- Born: 1892 Poland
- Died: 16 October 1978 (aged 85–86)
- Occupations: Chess player Lumber mill owner
- Known for: Director of the American Chess Foundation
- Spouse: Bessie Levin
- Children: 3

= Isador Samuel Turover =

American chess master

Isador (Isaac) Samuel Turover (Sochaczew, 8 July 1892 – 16 October 1978) was an American chess master.

==Biography==
Born to a Jewish family in Poland, he moved to Belgium and then to the United States. He was a champion of Baltimore from 1918 to 1921, won the Washington D.C. championship in 1918 ahead of F. B. Walker and took 2nd, behind Vladimir Sournin, in the D.C. championship in 1920, tied for 8th at Atlantic City 1921 (the Eighth American Chess Congress; Dawid Janowski won), tied for 4th at Bradley Beach, New Jersey 1928 (Abraham Kupchik won), tied for 3rd at Bradley Beach 1929 (Alexander Alekhine won), took 8th at New York 1931 (José Raúl Capablanca won), and took 10th at Ventnor City, New Jersey 1944 (Jacob Levin won).

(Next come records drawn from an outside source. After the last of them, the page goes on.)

(* Let $\odot$ be a non-degenerate pseudo-multiplication, and let $\tau$ be a $\sigma$-maxitive measure on a $\sigma$-algebra $\mathcal{B}$ of subsets of a nonempty set $E$. Then $\tau$ has the Radon–Nikodym property with respect to the idempotent $\odot$-integral if and only if $\tau$ is $\sigma$-$\odot$-finite and $\sigma$-principal.
   Context: Write $\overline{\mathbb{R}}_+=[0,\infty]$ and $\oplus$ for the supremum. A pseudo-multiplication is a binary operation $\odot$ on $\overline{\mathbb{R}}_+$ with the following properties: - it is associative; - it is continuous on $(0,\infty)\times[0,\infty]$; - for every $t$, the map $s\mapsto s\odot t$ is continuous on $(0,\infty]$; - it is nondecreasing in each argument; - it has a left identity $1_\odot$, i.e. $1_\odot\odot t=t$ for all $t$; - it has no zero divisors, i.e. $s\odot t=0$ implies $s=0$ or $t=0$; - $0\odot t=t\odot 0=0$ for all $t$. Put $O(t)=\inf_{s>0}s\odot t$. An element $t$ is $\odot$-finite if $O(t)=0$, and $\odot$-infinite otherwise. The operation $\odot$ is non-degenerate if $1_\odot$ is $\odot$-finite. Let $\mathcal{B}$ be a $\sigma$-algebra on $E$. A $\sigma$-ideal of $\mathcal{B}$ is a nonempty $\mathcal{I}\subset\mathcal{B}$ that is closed under countable unions and satisfies: $A\subset B\in\mathcal{I}$ with $A\in\mathcal{B}$ implies $A\in\mathcal{I}$. A $\sigma$-maxitive measure on $\mathcal{B}$ is a map $\nu:\mathcal{B}\to\overline{\mathbb{R}}_+$ with $\nu(\emptyset)=0$ and $\nu(\bigcup_{j\in J}B_j)=\sup_{j\in J}\nu(B_j)$ for every countable family $(B_j)_{j\in J}$ in $\mathcal{B}$. A set $N\subset E$ is $\tau$-negligible if $N\subset B$ for some $B\in\mathcal{B}$ with $\tau(B)=0$. A map $f:E\to\overline{\mathbb{R}}_+$ is $\mathcal{B}$-measurable if $\{f>t\}\in\mathcal{B}$ for all $t\in[0,\infty)$. The idempotent $\odot$-integral of such $f$ over $B\in\mathcal{B}$ is $\int^\infty_B f\odot d\nu=\sup_{t\in[0,\infty)} t\odot\nu(B\cap\{f>t\})$. Let $\nu,\tau$ be $\sigma$-maxitive measures on $\mathcal{B}$. - $\nu$ has a density with respect to $\tau$ if there is a $\mathcal{B}$-measurable $c:E\to\overline{\mathbb{R}}_+$ with $\nu(B)=\int^\infty_B c\odot d\tau$ for all $B\in\mathcal{B}$. - $\nu$ is $\odot$-absolutely continuous with respect to $\tau$, written $\nu\ll_\odot\tau$, if $\nu(B)\le\infty\odot\tau(B)$ for every $B\in\mathcal{B}$ such that $\tau(B)$ is $\odot$-finite. - $\tau$ has the Radon–Nikodym property (with respect to the idempotent $\odot$-integral) if every $\sigma$-maxitive measure $\nu$ on $\mathcal{B}$ with $\nu\ll_\odot\tau$ has a density with respect to $\tau$. - $\tau$ is $\sigma$-$\odot$-finite if there is a countable family $(B_n)$ in $\mathcal{B}$ covering $E$ with each $\tau(B_n)$ $\odot$-finite. - $\tau$ is $\sigma$-principal if for every $\sigma$-ideal $\mathcal{I}$ of $\mathcal{B}$ there is $L\in\mathcal{I}$ such that $S\setminus L$ is $\tau$-negligible for all $S\in\mathcal{I}$. *)

From Stdlib Require Import Reals.
Open Scope R_scope.

Inductive ERp : Type :=
| Fin (x : R) (_ : 0 <= x)
| Inf.

Definition zeroE : ERp := Fin 0 (Rle_refl 0).

Definition leE (a b : ERp) : Prop :=
  match a, b with
  | Fin x _, Fin y _ => x <= y
  | _, Inf => True
  | Inf, Fin _ _ => False
  end.

Definition ltE (a b : ERp) : Prop :=
  match a, b with
  | Fin x _, Fin y _ => x < y
  | Fin _ _, Inf => True
  | Inf, _ => False
  end.

Definition is_supE (S : ERp -> Prop) (m : ERp) : Prop :=
  (forall y, S y -> leE y m) /\
  (forall m', (forall y, S y -> leE y m') -> leE m m').

Definition is_infE (S : ERp -> Prop) (m : ERp) : Prop :=
  (forall y, S y -> leE m y) /\
  (forall m', (forall y, S y -> leE m' y) -> leE m' m).

Definition nbhd (a : ERp) (U : ERp -> Prop) : Prop :=
  match a with
  | Fin x _ => exists eps, 0 < eps /\
      forall y (hy : 0 <= y), Rabs (y - x) < eps -> U (Fin y hy)
  | Inf => exists M : R, U Inf /\ forall y (hy : 0 <= y), M < y -> U (Fin y hy)
  end.

Definition pos_finite (a : ERp) : Prop :=
  match a with Fin x _ => 0 < x | Inf => False end.

Definition pseudo_mult (op : ERp -> ERp -> ERp) (one : ERp) : Prop :=
  (forall a b c, op (op a b) c = op a (op b c)) /\
  (* continuous on (0,oo) x [0,oo] *)
  (forall s t, pos_finite s ->
     forall V, nbhd (op s t) V ->
       exists U W, nbhd s U /\ nbhd t W /\
         forall s' t', U s' -> pos_finite s' -> W t' -> V (op s' t')) /\
  (* for every t, s |-> s (.) t continuous on (0, oo] *)
  (forall t s, ltE zeroE s ->
     forall V, nbhd (op s t) V ->
       exists U, nbhd s U /\ forall s', U s' -> ltE zeroE s' -> V (op s' t)) /\
  (forall a a' b, leE a a' -> leE (op a b) (op a' b)) /\
  (forall a b b', leE b b' -> leE (op a b) (op a b')) /\
  (forall t, op one t = t) /\
  (forall s t, op s t = zeroE -> s = zeroE \/ t = zeroE) /\
  (forall t, op zeroE t = zeroE /\ op t zeroE = zeroE).

Definition ofinite (op : ERp -> ERp -> ERp) (t : ERp) : Prop :=
  is_infE (fun y => exists s, ltE zeroE s /\ y = op s t) zeroE.

Definition nondegenerate (op : ERp -> ERp -> ERp) (one : ERp) : Prop :=
  ofinite op one.

Section Sets.
Context {E : Type}.

Definition bigU (F : nat -> E -> Prop) : E -> Prop := fun x => exists n, F n x.

Definition sigma_algebra (B : (E -> Prop) -> Prop) : Prop :=
  B (fun _ => True) /\
  (forall A, B A -> B (fun x => ~ A x)) /\
  (forall F : nat -> E -> Prop, (forall n, B (F n)) -> B (bigU F)).

Definition sigma_ideal (B I : (E -> Prop) -> Prop) : Prop :=
  (exists A, I A) /\
  (forall A, I A -> B A) /\
  (forall F : nat -> E -> Prop, (forall n, I (F n)) -> I (bigU F)) /\
  (forall A C, B A -> I C -> (forall x, A x -> C x) -> I A).

(** sigma-maxitive measure on B (countable families indexed by nat;
    finite families are covered by padding with the empty set). *)
Definition sigma_maxitive (B : (E -> Prop) -> Prop) (nu : (E -> Prop) -> ERp) : Prop :=
  nu (fun _ => False) = zeroE /\
  (forall F : nat -> E -> Prop, (forall n, B (F n)) ->
     is_supE (fun y => exists n, y = nu (F n)) (nu (bigU F))).

Definition negligible (B : (E -> Prop) -> Prop) (tau : (E -> Prop) -> ERp)
  (N : E -> Prop) : Prop :=
  exists C, B C /\ tau C = zeroE /\ forall x, N x -> C x.

Definition measurable (B : (E -> Prop) -> Prop) (f : E -> ERp) : Prop :=
  forall t, t <> Inf -> B (fun x => ltE t (f x)).

Definition integral_is (op : ERp -> ERp -> ERp) (nu : (E -> Prop) -> ERp)
  (A : E -> Prop) (f : E -> ERp) (v : ERp) : Prop :=
  is_supE (fun y => exists t, t <> Inf /\
             y = op t (nu (fun x => A x /\ ltE t (f x)))) v.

Turover settled in the Washington area and had a very successful lumber business. He married Bessie Levin and had three daughters: Sylvia, Naomi and Ruth. Turover became a director of the American Chess Foundation. He is also known as a chess patron and philanthropist. He sponsored Bobby Fischer's attendance in the 1962 Stockholm Interzonal. Throughout his life he offered cash prizes and other awards for brilliancies in chess games. For instance, in 1930, Turover gave a 500-lire brilliancy prize at the tournament in San Remo. Many years later, in 1973, Turover awarded David Bronstein two magnum bottles of the finest French champagne for a brilliancy in a game against Ljubomir Ljubojević. In 1974 he established the annual World Brilliancy Prize; the first winner was Michael Stean, who received $1,000 for his win against Walter Browne at the 21st Chess Olympiad in Nice.